– Yo amaba a mi marido, Herr Fabel. Amaba muchísimo a Markus. -Su expresión siguió siendo dura, pero una lágrima se desprendió de la comisura de un ojo y le surcó la mejilla-. Quería que usted lo supiera.
Hicieron entrar a Biedermeyer en la parte de atrás del coche de Fabel. El panadero estaba encorvado en los confines del asiento y tenía el aspecto de algo doblado apresuradamente para que cupiera en un espacio insuficiente.
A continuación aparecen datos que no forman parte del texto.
Lemma sum_shuffle_deconcat G u v :
  \sum_(w <- shuffle u v) deconcat_sum G w =
  \sum_(j1 < (size u).+1) \sum_(j2 < (size v).+1) split_shuffle_sum G u v j1 j2.
Proof.
elim: u v G => [|a u IHu] v G.
  rewrite big_seq1 big_ord1 /split_shuffle_sum.
  by apply: eq_bigr => j _; rewrite !big_seq1.
elim: v G => [|b v IHv] G.
  rewrite shuffles0 big_seq1 /split_shuffle_sum; apply: eq_bigr => j _.
  by rewrite /= big_ord1 /= !shuffles0 !big_seq1.
rewrite shuffle_cons big_cat !big_map /=.
under eq_bigr do rewrite deconcat_sum_cons.
under [X in _ + X]eq_bigr do rewrite deconcat_sum_cons.
rewrite !big_split IHu IHv /= addrACA.
have -> : \sum_(w <- shuffle u (b :: v)) G [::] (a :: w) +
    \sum_(w <- shuffle (a :: u) v) G [::] (b :: w) =
    split_shuffle_sum G (a :: u) (b :: v) 0 0.
  by rewrite /split_shuffle_sum /= shuffle0s big_seq1 shuffle_cons big_cat !big_map.
set F := split_shuffle_sum G (a :: u) (b :: v).
set Fa := split_shuffle_sum (fun w1 => G (a :: w1)) u (b :: v).
set Fb := split_shuffle_sum (fun w1 => G (b :: w1)) (a :: u) v.
rewrite sum_ord_recl_inner [X in _ + (_ + X)]big_ord_recl sum_ord_recl2 /= -addrA.
congr (_ + _).
have -> : \sum_(j < (size v).+1) F 0%N j.+1 = \sum_(j < (size v).+1) Fb 0%N j.
  by apply: eq_bigr => j _; rewrite /F /Fb /split_shuffle_sum /= !shuffle0s !big_seq1.
have -> : \sum_(i < (size u).+1) F i.+1 0%N = \sum_(i < (size u).+1) Fa i 0%N.
  by apply: eq_bigr => i _; rewrite /F /Fa /split_shuffle_sum /= !shuffles0 !big_seq1.
have -> : \sum_(i < (size u).+1) \sum_(j < (size v).+1) F i.+1 j.+1 =
    \sum_(i < (size u).+1) \sum_(j < (size v).+1) Fa i j.+1 +
    \sum_(i < (size u).+1) \sum_(j < (size v).+1) Fb i.+1 j.
  rewrite -big_split; apply: eq_bigr => i _.
  by rewrite -big_split; apply: eq_bigr => j _; apply: split_shuffle_sum_cons.
by rewrite addrACA (addrC _ (\sum_(j < _) Fb 0%N j)) -addrA.
Qed.

End Deconcatenation.

Section ShuffleCharacters.
Variables (R : comPzRingType) (T : Type).
Implicit Types (f g : seq T -> R) (u v w : seq T).

Definition shuffle_char f := forall u v, f u * f v = \sum_(w <- shuffle u v) f w.

Definition deconcat_mul f g w := deconcat_sum (fun w1 w2 => f w1 * g w2) w.

Definition empty_char w : R := if w is [::] then 1 else 0.

Lemma shuffle_char_empty : shuffle_char empty_char.
Proof.
case=> [|a u] [|b v]; rewrite ?shuffle0s ?shuffles0 ?big_seq1 ?mul1r ?mulr1 //.
by rewrite shuffle_cons big_cat !big_map /= !big1 ?mul0r ?addr0.
Qed.

Lemma shuffle_char_deconcat_mul f g :
  shuffle_char f -> shuffle_char g -> shuffle_char (deconcat_mul f g).
Proof.
move=> f_char g_char u v; rewrite /deconcat_mul sum_shuffle_deconcat /deconcat_sum.
rewrite big_distrl; apply: eq_bigr => j1 _; rewrite big_distrr; apply: eq_bigr => j2 _.
rewrite /= mulrACA f_char g_char big_distrl; apply: eq_bigr => w1 _.
by rewrite big_distrr.
Qed.

End ShuffleCharacters.

Section ExponentialCharacter.
Variables (R : numFieldType) (T : eqType) (a : T -> R).

Definition exp_char (w : seq T) := (\prod_(x <- w) a x) / (size w)`!%:R.

Lemma shuffle_char_exp : shuffle_char exp_char.
Proof.
move=> u v; rewrite (eq_big_seq (fun => exp_char (u ++ v))); last first.
  by move=> w /perm_shuffle pw; rewrite /exp_char (perm_big _ pw) (perm_size pw).
rewrite big_const_seq count_predT size_shuffle iter_addr_0 -[RHS]mulr_natr.
rewrite /exp_char big_cat size_cat /=.
have fact_nm : (size u + size v)`! = ('C(size u + size v, size u) * (size u)`! * (size v)`!)%N.
  by rewrite -mulnA -(bin_fact (leq_addr (size v) (size u))) addKn.
have nat_neq0 n : (0 < n)%N -> n%:R != 0 :> R by rewrite pnatr_eq0 -lt0n.
rewrite fact_nm !natrM.
by field; rewrite !nat_neq0 ?fact_gt0 ?bin_gt0 ?leq_addr.
Qed.

End ExponentialCharacter.

Section SortedWords.
Variable T : eqType.
Implicit Types (x : T) (xs t : seq T).

Definition index_le xs := fun y z : T => (index y xs <= index z xs)%N.

Fixpoint sorted_words xs (k : nat) : seq (seq T) :=
  if xs is x :: xs' then [seq nseq j x ++ t | j <- iota 0 k.+1, t <- sorted_words xs' (k - j)]
  else if k is 0 then [:: [::]] else [::].

Lemma sorted_words_cons x xs k :
  sorted_words (x :: xs) k =
  [seq nseq j x ++ t | j <- iota 0 k.+1, t <- sorted_words xs (k - j)].
Proof. by []. Qed.

Lemma index_le_trans xs : transitive (index_le xs).
Proof. by move=> y x z; apply: leq_trans. Qed.

Lemma sorted_index_le_cons x xs t : x \notin xs -> all (mem xs) t ->
  sorted (index_le (x :: xs)) t = sorted (index_le xs) t.
Proof.
move=> xNxs t_xs; apply: (eq_in_sorted (P := mem xs)) => // y z y_xs z_xs.
have neq_xy : x != y by apply: contraNneq xNxs => ->.
have neq_xz : x != z by apply: contraNneq xNxs => ->.
by rewrite /index_le /= (negbTE neq_xy) (negbTE neq_xz) ltnS.
Qed.

Lemma sorted_index_le_nseq x xs j t :
  sorted (index_le (x :: xs)) (nseq j x ++ t) = sorted (index_le (x :: xs)) t.
Proof.
elim: j => [//|j IH]; rewrite -IH /=.
by case: (nseq j x ++ t) => //= y s; rewrite /index_le /= eqxx.
Qed.

Lemma sorted_index_le_split x xs t :
  all (mem (x :: xs)) t -> sorted (index_le (x :: xs)) t ->
  t = nseq (count_mem x t) x ++ filter (predC1 x) t.
Proof.
elim: t => [//|y t IH] /= /andP[_ t_xs] sorted_yt.
have sorted_t := path_sorted sorted_yt.
have [->|neq_yx] := eqVneq y x; first by rewrite /= {1}(IH t_xs sorted_t).
have xNt : x \notin t.
  apply/negP => xt; have /allP/(_ x xt) := order_path_min (@index_le_trans _) sorted_yt.
  by rewrite /index_le /= eqxx eq_sym (negbTE neq_yx).
rewrite (count_memPn xNt) /=; congr (_ :: _); symmetry.
by apply/all_filterP/allP => z zt /=; apply: contraNneq xNt => <-.
Qed.

Lemma mem_sorted_words xs k t : uniq xs ->
  (t \in sorted_words xs k) = [&& size t == k, all (mem xs) t & sorted (index_le xs) t].
Proof.
elim: xs k t => [|x xs IH] k t; first by case: t => [|y t] _; case: k => //= k; rewrite andbF.
move=> /andP[xNxs Uxs]; rewrite sorted_words_cons; apply/allpairsPdep/and3P.
  case=> j [t' []]; rewrite mem_iota add0n ltnS IH // => jk /and3P[/eqP size_t' t'_xs t'_sorted] ->.
  split; first by rewrite size_cat size_nseq size_t' subnKC.
    rewrite all_cat; apply/andP; split; first by apply/allP => y /nseqP[-> _]; apply: mem_head.
    by apply/allP => y /(allP t'_xs) /= y_xs; rewrite inE y_xs orbT.
  by rewrite sorted_index_le_nseq sorted_index_le_cons.
case=> /eqP size_t t_xs t_sorted; have def_t := sorted_index_le_split t_xs t_sorted.
have t'_xs : all (mem xs) (filter (predC1 x) t).
  apply/allP => y; rewrite mem_filter => /andP[/= neq_yx yt].
  by have := allP t_xs y yt; rewrite /= inE (negbTE neq_yx).
exists (count_mem x t), (filter (predC1 x) t); split=> //.
  by rewrite mem_iota add0n ltnS -size_t count_size.
rewrite IH //; apply/and3P; split=> //.
  by rewrite size_filter -size_t -(count_predC (pred1 x) t) addKn.
rewrite -(sorted_index_le_cons xNxs t'_xs).
by apply: sorted_filter t_sorted; exact: index_le_trans.
Qed.

Lemma uniq_sorted_words xs k : uniq xs -> uniq (sorted_words xs k).
Proof.
elim: xs k => [|x xs IH] k; first by case: k.
move=> /andP[xNxs Uxs]; rewrite sorted_words_cons.
apply: allpairs_uniq_dep => [|j _|[j1 t1] [j2 t2]]; rewrite ?iota_uniq ?IH //.
move=> /allpairsPdep[j1' [t1' [_ t1_in [-> ->]]]] /allpairsPdep[j2' [t2' [_ t2_in [-> ->]]]] /=.
have count_x0 j t' : t' \in sorted_words xs (k - j) -> count_mem x t' = 0%N.
  rewrite mem_sorted_words // => /and3P[_ /allP t'_xs _].
  by apply/count_memPn/negP => /t'_xs; rewrite /= (negbTE xNxs).
move=> eq_t; have eq_j : j1' = j2'.
  have := congr1 (count_mem x) eq_t; rewrite !count_cat !count_nseq.
  by rewrite (count_x0 _ _ t1_in) (count_x0 _ _ t2_in) /= eqxx !mul1n !addn0.
by subst j2'; move/eqP: eq_t; rewrite eqseq_cat ?size_nseq // eqxx /= => /eqP ->.
Qed.

End SortedWords.

Section LetterProducts.
Variables (R : numFieldType) (T : eqType) (a : T -> nat -> R).
Implicit Types (x : T) (xs t : seq T) (w : seq nat).

Fixpoint letters_char xs : seq nat -> R :=
  if xs is x :: xs' then deconcat_mul (exp_char (a x)) (letters_char xs') else @empty_char R nat.

Lemma letters_char_cons x xs :
  letters_char (x :: xs) = deconcat_mul (exp_char (a x)) (letters_char xs).
Proof. by []. Qed.

Lemma shuffle_char_letters xs : shuffle_char (letters_char xs).
Proof.
elim: xs => [|x xs IH]; first exact: shuffle_char_empty.
exact: shuffle_char_deconcat_mul (shuffle_char_exp _) IH.
Qed.

(* The summand of [vpoly] at the nondecreasing word t, with sigma counted over
   all the letters of xs. *)
Definition word_weight xs t w : R :=
  (\prod_(p <- zip t w) a p.1 p.2) / (\prod_(y <- xs) (count_mem y t)`!)%:R.

Lemma prod_zip_nseq x j w : size w = j ->
  \prod_(p <- zip (nseq j x) w) a p.1 p.2 = \prod_(i <- w) a x i.
Proof. by move <-; elim: w => [|i w IH]; rewrite ?big_nil //= !big_cons IH. Qed.

Lemma word_weight_cons x xs j t w : x \notin xs -> all (mem xs) t -> (j <= size w)%N ->
  word_weight (x :: xs) (nseq j x ++ t) w = exp_char (a x) (take j w) * word_weight xs t (drop j w).
Proof.
move=> xNxs t_xs jw; have xNt : x \notin t by apply/negP => /(allP t_xs); apply/negP.
rewrite /word_weight /exp_char -{1}(cat_take_drop j w) zip_cat ?size_nseq ?size_takel //.
rewrite big_cat /= (prod_zip_nseq _ (size_takel jw)) big_cons.
rewrite count_cat count_nseq /= eqxx mul1n (count_memPn xNt) addn0.
rewrite (eq_big_seq (fun y => (count_mem y t)`!)%N) => [|y y_xs]; last first.
  have neq_xy : x != y by apply: contraNneq xNxs => ->.
  by rewrite count_cat count_nseq /= (negbTE neq_xy) mul0n add0n.
by rewrite natrM invfM mulrACA.
Qed.

Lemma sum_sorted_words_weight xs w : uniq xs ->
  \sum_(t <- sorted_words xs (size w)) word_weight xs t w = letters_char xs w.
Proof.
elim: xs w => [|x xs IH] w.
  by case: w => [|i w] _; rewrite ?big_nil // big_seq1 /word_weight !big_nil divr1.
move=> /andP[xNxs Uxs]; rewrite sorted_words_cons big_allpairs_dep.
have -> : iota 0%N (size w).+1 = index_iota 0 (size w).+1 by rewrite /index_iota subn0.
rewrite letters_char_cons /deconcat_mul /deconcat_sum big_mkord.
apply: eq_bigr => j _; rewrite -IH // size_drop big_distrr /=.
apply: eq_big_seq => t; rewrite mem_sorted_words // => /and3P[_ t_xs _].
by rewrite word_weight_cons // -ltnS ltn_ord.
Qed.

End LetterProducts.

Lemma sum_sorted_tuples (R : nmodType) (T : finType) k (F : seq T -> R) :
  \sum_(t : k.-tuple T | sorted (index_le (enum T)) t) F t =
  \sum_(t <- sorted_words (enum T) k) F t.
Proof.
rewrite -(big_map (@tval k T) (sorted (index_le (enum T))) F) -big_filter.
apply: perm_big; apply: uniq_perm.
- by rewrite filter_uniq // map_inj_uniq ?index_enum_uniq //; exact: val_inj.
- exact/uniq_sorted_words/enum_uniq.
move=> t; rewrite mem_filter mem_sorted_words ?enum_uniq //.
have -> : all (mem (enum T)) t by apply/allP => y _; rewrite /= mem_enum.
rewrite andbC /=; congr (_ && _); apply/mapP/eqP => [[t' _ ->]|size_t].
  by rewrite size_tuple.
by exists (Tuple (introT eqP size_t)) => //; exact: mem_index_enum.
Qed.

Lemma prod_tnth_zip (R : comPzSemiRingType) (T : Type) (F : T -> nat -> R) k
    (t : k.-tuple T) (w : seq nat) : size w = k ->
  \prod_(l < k) F (tnth t l) (nth 0%N w l) = \prod_(p <- zip t w) F p.1 p.2.
Proof.
elim: k t w => [|k IH] t w; first by rewrite tuple0 big_ord0; case: w => // _; rewrite big_nil.
case/tupleP: t => y t; case: w => [//|i w] /= [size_w].
rewrite big_ord_recl big_cons /= -(IH t w size_w).
by congr (_ * _); apply: eq_bigr => l _; rewrite tnthS.
Qed.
Werner se sentó a su lado y, a pesar de su altura, parecía pequeño en comparación.
Antes de encender el motor, Fabel se dio la vuelta y se enfrentó a Biedermeyer.
– Ha dicho que su trabajo está terminado. ¿Por qué lo ha dicho? Sé que no ha hecho todo lo que planeó. He seguido las conexiones… Los cuentos… Le queda al menos uno más…
Biedermeyer sonrió y las arrugas alrededor de los ojos volvieron a formar pliegues profundos. Y, una vez más, le recordaron a Fabel la forma en que sonreía su hermano Lex. Esa idea le heló la sangre.
– Tenga paciencia, Herr Kriminalhauptkommissar. Tenga paciencia.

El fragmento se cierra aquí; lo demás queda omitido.